HOT MESS // Spare Yourself the Spare Change.

Marie Kondo has a rule about coins: they belong in your wallet.

Not a jar, not a bowl, not a piggy bank. Your wallet, exclusively.

I resisted this at first because I liked the thrill of dumping a huge jar into a Coinstar machine, eagerly awaiting the total. It felt like I was getting free money, because a coin or two seemed worthless but by amassing hundreds of these little metal disks I could get triple digit dollars!

But sure enough, I’ve come around to the Konmari view of coins. Here’s why:
 

  1. Storing coins somewhere in my home means I have to store coins somewhere in my home. I need to have a container, and that container needs to live somewhere, either in prime real estate that should be dedicated to something else or, heaven forbid, on a surface.

  2. Schlepping coins to a Coinstar feels like a chore. The jar is heavy, the machine takes a while, and I find I always have to re-feed perfectly good legal coins into it after they’ve been initially rejected. Plus, if someone is waiting behind me I’m filled with the same anxiety that befalls me when I'm trying to parallel park in front of a line of cars. I’d rather spend that time looking at the houseplants on offer. (But not buying any, because houseplants are currently on my NOPping list.)
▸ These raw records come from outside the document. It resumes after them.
(* Let $K$ be a simplex in a topological vector space $F$ and let $T:K\to 2^{K}$ be a correspondence with *-weakly convex graph. Then there exists $x^*\in K$ such that $x^*\in\overline{T}(x^* )$.
   Context: A simplex is the convex hull of a finite affinely independent set. For $T:X\to 2^Y$: $\mathrm{Gr}(T)=\{(x,y)\in X\times Y:y\in T(x)\}$; $\overline{T}(x)=\{y\in Y:(x,y)\in\mathrm{cl}_{X\times Y}\mathrm{Gr}(T)\}$; for $V\subset F$, $T_V(x)=(T(x)+V)\cap Y$. Weakly convex graph: $T:X\to 2^Y$ ($X,Y$ nonempty convex) has weakly convex graph if for each finite set $\{x_1,\dots,x_n\}\subset X$ there exist $y_i\in T(x_i)$ such that $\mathrm{co}\{(x_1,y_1),\dots,(x_n,y_n)\}\subset\mathrm{Gr}(T)$, equivalently $\sum_i\lambda_iy_i\in T(\sum_i\lambda_ix_i)$ for all $(\lambda_1,\dots,\lambda_n)$ with $\lambda_i\ge0$, $\sum_i\lambda_i=1$. *-weakly convex graph: $T:X\to 2^Y$, with $Y\subset F$, has *-weakly convex graph if for each neighborhood $V$ of the origin in $F$ the correspondence $T_V$ has weakly convex graph. *)

From Stdlib Require Import Reals.
Open Scope R_scope.

Record TVS := {
  tv :> Type;
  vadd : tv -> tv -> tv;
  vzero : tv;
  vopp : tv -> tv;
  vscal : R -> tv -> tv;
  vadd_assoc : forall x y z, vadd x (vadd y z) = vadd (vadd x y) z;
  vadd_comm : forall x y, vadd x y = vadd y x;
  vadd_0 : forall x, vadd x vzero = x;
  vadd_opp : forall x, vadd x (vopp x) = vzero;
  vscal_1 : forall x, vscal 1 x = x;
  vscal_assoc : forall a b x, vscal a (vscal b x) = vscal (a * b) x;
  vscal_distr_v : forall a x y, vscal a (vadd x y) = vadd (vscal a x) (vscal a y);
  vscal_distr_s : forall a b x, vscal (a + b) x = vadd (vscal a x) (vscal b x);
  vopen : (tv -> Prop) -> Prop;
  vopen_full : vopen (fun _ => True);
  vopen_inter : forall U V, vopen U -> vopen V -> vopen (fun x => U x /\ V x);
  vopen_union : forall (I : Type) (U : I -> tv -> Prop),
      (forall i, vopen (U i)) -> vopen (fun x => exists i, U i x);
  vadd_cont : forall x y (W : tv -> Prop), vopen W -> W (vadd x y) ->
      exists U V, vopen U /\ vopen V /\ U x /\ V y /\
        (forall u v, U u -> V v -> W (vadd u v));
  vscal_cont : forall a x (W : tv -> Prop), vopen W -> W (vscal a x) ->
      exists d U, 0 < d /\ vopen U /\ U x /\
        (forall b u, Rabs (b - a) < d -> U u -> W (vscal b u))
}.

Arguments vadd {_}. Arguments vzero {_}. Arguments vopp {_}.
Arguments vscal {_}. Arguments vopen {_}.

Fixpoint vsum {F : TVS} (n : nat) (f : nat -> F) : F :=
  match n with O => vzero | S k => vadd (vsum k f) (f k) end.
Fixpoint rsum (n : nat) (f : nat -> R) : R :=
  match n with O => 0 | S k => rsum k f + f k end.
  3. Coinstar takes a cut unless you redeem your coins in the form of a gift card. But the only option for a gift card is currently Amazon, which I’m trying to avoid in favor of supporting local and independently owned businesses. (For what it’s worth, Coinstar also allows you to donate money to several charities)
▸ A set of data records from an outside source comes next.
(* Let $V$ be a vector configuration of rank $r$ containing no copy of the zero vector, with dual degree $\deg^*(V)=\delta$ and with $n=r+d+1=2r+2\delta-1$ elements. Then $V$ admits a codegree$^*$ decomposition of length at least $r-1=d+1-2\delta$.
   Context: A vector configuration is a finite family (repetitions allowed) $V$ of vectors in $\mathbb{R}^r$; a subconfiguration is a subfamily, $\operatorname{rank}(V)=\dim\operatorname{lin}(V)$, and cardinalities count multiplicities. For a nonzero linear functional $f$, the oriented linear hyperplane $H=\{f=0\}$ has $H^+=\{f>0\}$, $\overline{H}^-=\{f\le0\}$. Dual codegree: $\operatorname{codeg}^*(W)=\min_H|\overline{H}^-\cap W|$; dual degree: $\deg^*(W)=\max_H|H^+\cap W|-\operatorname{rank}(W)$, over oriented linear hyperplanes $H$. A codegree$^*$ decomposition of $V$ of length $m$ is a partition $V=V_0\uplus V_1\uplus\dots\uplus V_m$ into subconfigurations ($V_0$ possibly empty) with $\operatorname{codeg}^*(V)=\sum_{i=1}^m\operatorname{codeg}^*(V_i)$ and $\operatorname{codeg}^*(V_i)\ge1$ for $i\ge1$. *)

From HB Require Import structures.
From mathcomp Require Import all_boot all_order all_algebra.
From mathcomp Require Import boolp reals.

Set Implicit Arguments.
Unset Strict Implicit.
Unset Printing Implicit Defensive.

Import Order.TTheory GRing.Theory Num.Theory.
Local Open Scope ring_scope.

(* A vector configuration of n vectors in R^m is V : 'I_n -> 'rV[R]_m
   (a family, repetitions allowed).  A subconfiguration is given by a set of
   indices S : {set 'I_n}.  A linear functional on R^m is given by a column
   vector c : 'cV[R]_m, f_c(v) = v *m c; the oriented hyperplane H = {f_c = 0}
   is a nonzero functional c != 0. *)

Section VC.
Variables (R : realType) (n m : nat) (V : 'I_n -> 'rV[R]_m).

Definition fval (c : 'cV[R]_m) (v : 'rV[R]_m) : R := (v *m c) ord0 ord0.

Definition vrank (S : {set 'I_n}) : nat := \rank (\sum_(i in S) <<V i>>)%MS.

Definition cnt_le (S : {set 'I_n}) (c : 'cV[R]_m) : nat :=
  #|[set i in S | fval c (V i) <= 0]|.
Definition cnt_gt (S : {set 'I_n}) (c : 'cV[R]_m) : nat :=
  #|[set i in S | 0 < fval c (V i)]|.

(* codeg*(W) = min over oriented linear hyperplanes of |H^- closed ∩ W|.
   All attained values lie in [0, n], so the min over k < n.+1 is exact
   (the default n is only used if there is no nonzero functional, m = 0). *)
Definition codeg_star (S : {set 'I_n}) : nat :=
  \big[minn/n]_(k < n.+1 | `[< exists c : 'cV[R]_m, c != 0 /\ cnt_le S c = k >])
     (k : nat).

(* deg*(W) = max over oriented linear hyperplanes of |H^+ ∩ W| - rank(W) *)
Definition deg_star (S : {set 'I_n}) : int :=
  (\max_(k < n.+1 | `[< exists c : 'cV[R]_m, c != 0 /\ cnt_gt S c = k >])
     (k : nat))%:Z - (vrank S)%:Z.

(* codegree* decomposition of V of length k: blk assigns each element either
   to V_0 (None) or to V_(i+1) (Some i), i < k. *)
Definition codeg_decomposition (k : nat) (blk : 'I_n -> option 'I_k) : Prop :=
  codeg_star setT = \sum_(i < k) codeg_star [set x | blk x == Some i]
  /\ forall i : 'I_k, (1 <= codeg_star [set x | blk x == Some i])%N.

End VC.

(* The hypothesis n = 2r + 2delta - 1 says exactly that V is balanced,
   |V| = 2 codeg*(V) + 1, because deg*(V) = |V| - codeg*(V) - r.  In a balanced
   configuration a linear hyperplane containing some elements of V, all lying
   on the positive side of a functional g, contains at most one element:
   tilting the hyperplane slightly towards g or towards -g pushes these
   elements to one side, and codeg* bounds both open sides from below.
   If V contains an antipodal pair {u, -lu}, removing it lowers codeg* by
   exactly one and the rank by at most one, keeps V balanced, and the pair
   itself has codeg* = 1; so antipodal pairs are peeled off inductively.
   Without antipodal pairs no two vectors are parallel and the plane spanned by
   any two contains a third one; in an affine chart this is the hypothesis of
   the Sylvester-Gallai theorem, so the rank is at most 2 and what remains is
   one last block (or a single vector, when codeg* = 0). *)

From HB Require Import structures.
From mathcomp Require Import all_boot all_order all_algebra.
From mathcomp Require Import boolp reals.
From mathcomp Require Import ring lra zify.
Import Order.TTheory GRing.Theory Num.Theory.
Local Open Scope ring_scope.
Set Implicit Arguments.
Unset Strict Implicit.
Unset Printing Implicit Defensive.

Section SmallPerturbation.
Variable R : realType.

Lemma exists_small_scale (I : finType) (a b : I -> R) :
  exists2 e : R, 0 < e & forall i, a i != 0 -> `|e * b i| < `|a i|.
Proof.
pose e := \big[Num.min/1]_(i | a i != 0) (`|a i| / (`|b i| + 1)).
have b1_gt0 i : 0 < `|b i| + 1 by rewrite ltr_wpDl.
have e_gt0 : 0 < e.
  apply: (big_ind (fun x => 0 < x)) => // [x y x0 y0|j aj].
    by rewrite lt_min x0 y0.
  by rewrite divr_gt0 ?normr_gt0.
exists e => // i ai.
have le_e : e <= `|a i| / (`|b i| + 1) by apply: bigmin_le_cond.
rewrite normrM (gtr0_norm e_gt0).
apply: (le_lt_trans (ler_wpM2r (normr_ge0 _) le_e)).
rewrite mulrAC ltr_pdivrMr // ltr_pM2l ?normr_gt0 //.
by rewrite ltrDl.
Qed.

Lemma sign_addr_small (a b : R) : `|b| < `|a| ->
  (0 < a -> 0 < a + b) /\ (a < 0 -> a + b < 0).
Proof.
rewrite ltr_norml => /andP [lb ub].
by split => ha; move: lb ub; rewrite ?(gtr0_norm ha) ?(ltr0_norm ha); lra.
Qed.

End SmallPerturbation.

Section DotProduct.
Variables (R : realType) (m : nat).
Implicit Types (u v w : 'rV[R]_m).

Definition dot u v := \sum_j u 0 j * v 0 j.

Lemma dotC u v : dot u v = dot v u.
Proof. by apply: eq_bigr => j _; rewrite mulrC. Qed.

Lemma dotDl u v w : dot (u + v) w = dot u w + dot v w.
Proof. by rewrite /dot -big_split; apply: eq_bigr => j _; rewrite mxE mulrDl. Qed.

Lemma dotZl k u v : dot (k *: u) v = k * dot u v.
Proof. by rewrite /dot mulr_sumr; apply: eq_bigr => j _; rewrite mxE mulrA. Qed.

Lemma dotNl u v : dot (- u) v = - dot u v.
Proof. by rewrite -scaleN1r dotZl mulN1r. Qed.

Lemma dotBl u v w : dot (u - v) w = dot u w - dot v w.
Proof. by rewrite dotDl dotNl. Qed.

Lemma dotBr u v w : dot w (u - v) = dot w u - dot w v.
Proof. by rewrite !(dotC w) dotBl. Qed.

Lemma dotZr k u v : dot u (k *: v) = k * dot u v.
Proof. by rewrite !(dotC u) dotZl. Qed.

Lemma dot_ge0 u : 0 <= dot u u.
Proof. by apply: sumr_ge0 => j _; rewrite -expr2 sqr_ge0. Qed.

Lemma dot_eq0 u : (dot u u == 0) = (u == 0).
Proof.
apply/eqP/eqP => [u0|->]; last by rewrite /dot big1 // => j _; rewrite mxE mul0r.
apply/matrixP => i j; rewrite ord1 mxE; apply/eqP; rewrite -sqrf_eq0 expr2.
by rewrite (psumr_eq0P _ u0) // => k _; rewrite -expr2 sqr_ge0.
Qed.

Lemma dot_gt0 u : u != 0 -> 0 < dot u u.
Proof. by move=> u0; rewrite lt_def dot_eq0 u0 dot_ge0. Qed.

End DotProduct.

Section Functionals.
Variables (R : realType) (m : nat).
Implicit Types (c g : 'cV[R]_m) (u v : 'rV[R]_m).

Lemma fvalDl c g v : fval (c + g) v = fval c v + fval g v.
Proof. by rewrite /fval mulmxDr mxE. Qed.

Lemma fvalZl a c v : fval (a *: c) v = a * fval c v.
Proof. by rewrite /fval -scalemxAr mxE. Qed.

Lemma fvalNl c v : fval (- c) v = - fval c v.
Proof. by rewrite /fval mulmxN mxE. Qed.

Lemma fval0l v : fval 0 v = 0.
Proof. by rewrite /fval mulmx0 mxE. Qed.

Lemma fvalDr c u v : fval c (u + v) = fval c u + fval c v.
Proof. by rewrite /fval mulmxDl mxE. Qed.

Lemma fvalZr a c v : fval c (a *: v) = a * fval c v.
Proof. by rewrite /fval -scalemxAl mxE. Qed.

Lemma fvalNr c v : fval c (- v) = - fval c v.
Proof. by rewrite -scaleN1r fvalZr mulN1r. Qed.

Lemma fval0r c : fval c 0 = 0.
Proof. by rewrite /fval mul0mx mxE. Qed.

Lemma fvalMl p (A : 'M[R]_(m, p)) (h : 'cV[R]_p) v :
  fval (A *m h) v = fval h (v *m A).
Proof. by rewrite /fval mulmxA. Qed.

Lemma fval_tr u v : fval u^T v = dot v u.
Proof. by rewrite /fval mxE; apply: eq_bigr => j _; rewrite mxE. Qed.

Lemma fval_tr_gt0 u : u != 0 -> 0 < fval u^T u.
Proof. by rewrite fval_tr; apply: dot_gt0. Qed.

(* [h] is the point [(t ^+ j)_j] of the moment curve, for a [t] that is a
   root of none of the nonzero polynomials [\sum_j w i 0 j X^j]. *)
Lemma exists_nonvanishing_functional (I : finType) (w : I -> 'rV[R]_m) :
  exists h : 'cV[R]_m, forall i, w i != 0 -> fval h (w i) != 0.
Proof.
pose p i : {poly R} := \sum_(j < m) w i 0 j *: 'X^j.
have pE i t : (p i).[t] = fval (\col_(j < m) t ^+ j) (w i).
  rewrite horner_sum /fval !mxE; apply: eq_bigr => j _.
  by rewrite hornerZ hornerXn !mxE.
have p_neq0 i : w i != 0 -> p i != 0.
  case/matrix0Pn => i0 [j]; rewrite ord1 => wj; apply: contraNneq wj.
  move=> /(congr1 (fun q : {poly R} => q`_j)); rewrite coef_sum coef0 (bigD1 j) //= big1.
    by rewrite coefZ coefXn eqxx mulr1 addr0 => ->.
  by move=> k kj; rewrite coefZ coefXn val_eqE eq_sym (negbTE kj) mulr0.
pose P := \prod_(i | w i != 0) p i.
have P_neq0 : P != 0 by apply/prodf_neq0 => i; apply: p_neq0.
pose rs := [seq (k%:R : R) | k <- iota 0 (size P)].
have /allPn [t _ Pt] : ~~ all (root P) rs.
  apply: contraL (leqnn (size P)) => Prs; rewrite -ltnNge.
  rewrite -[X in (X < _)%N](size_iota 0) -(size_map (fun k => k%:R : R)).
  apply: max_poly_roots => //; rewrite map_inj_uniq ?iota_uniq //.
  by move=> x y /eqP; rewrite eqr_nat => /eqP.
exists (\col_(j < m) t ^+ j) => i wi; rewrite -pE.
by move: Pt; rewrite /root /P horner_prod => /prodf_neq0; apply.
Qed.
  4. Coins are not free money. Treating them like they just fell from the sky leads me to spend irrationally. Coinstar and retailers that install the machines bank on this. From the Coinstar website: “Research shows consumers make special trips to visit retailers with a self-service coin-counting solution, and 79% of consumers who cash in a Coinstar voucher spend more than half the cash they received on in-store purchases.” How many of those in-store purchases were impulse buys not on the Shopping List?  I shouldn’t go spend “Coinstar cash” on some fancy gelato and “cash cash” on ingredients for actual meals. In reality, coins are just fractions of dollars that I’ve worked hard to earn. I should value them as such, budget them as such, spend, save, and invest them as such, and store them with my other money.

So, coins live in my wallet now. I budget them like I do my other real money, using my cash account set up in YNAB. I leave handfuls of them in tip jars. I overfeed parking meters so I feel less rushed having a meal at a restaurant or running errands. I spend them at independent stores whenever possible. I basically try to align my coin spending with my values the same way I try to align my cash or card spending with my values, because any distinction only ever existed in my perception. (And because handing over exact change feels so satisfying.)

If you have a container collecting coins (and dust) in your home, head to the Coinstar machine one last time, let Coinstar take their cut for their services, cash out, and head to a local and independent boutique to pick up a lovely wallet with a zippered coin pouch. (Or if you already have a great wallet, use it to pay your water bill.)

Then recycle the coin container for good.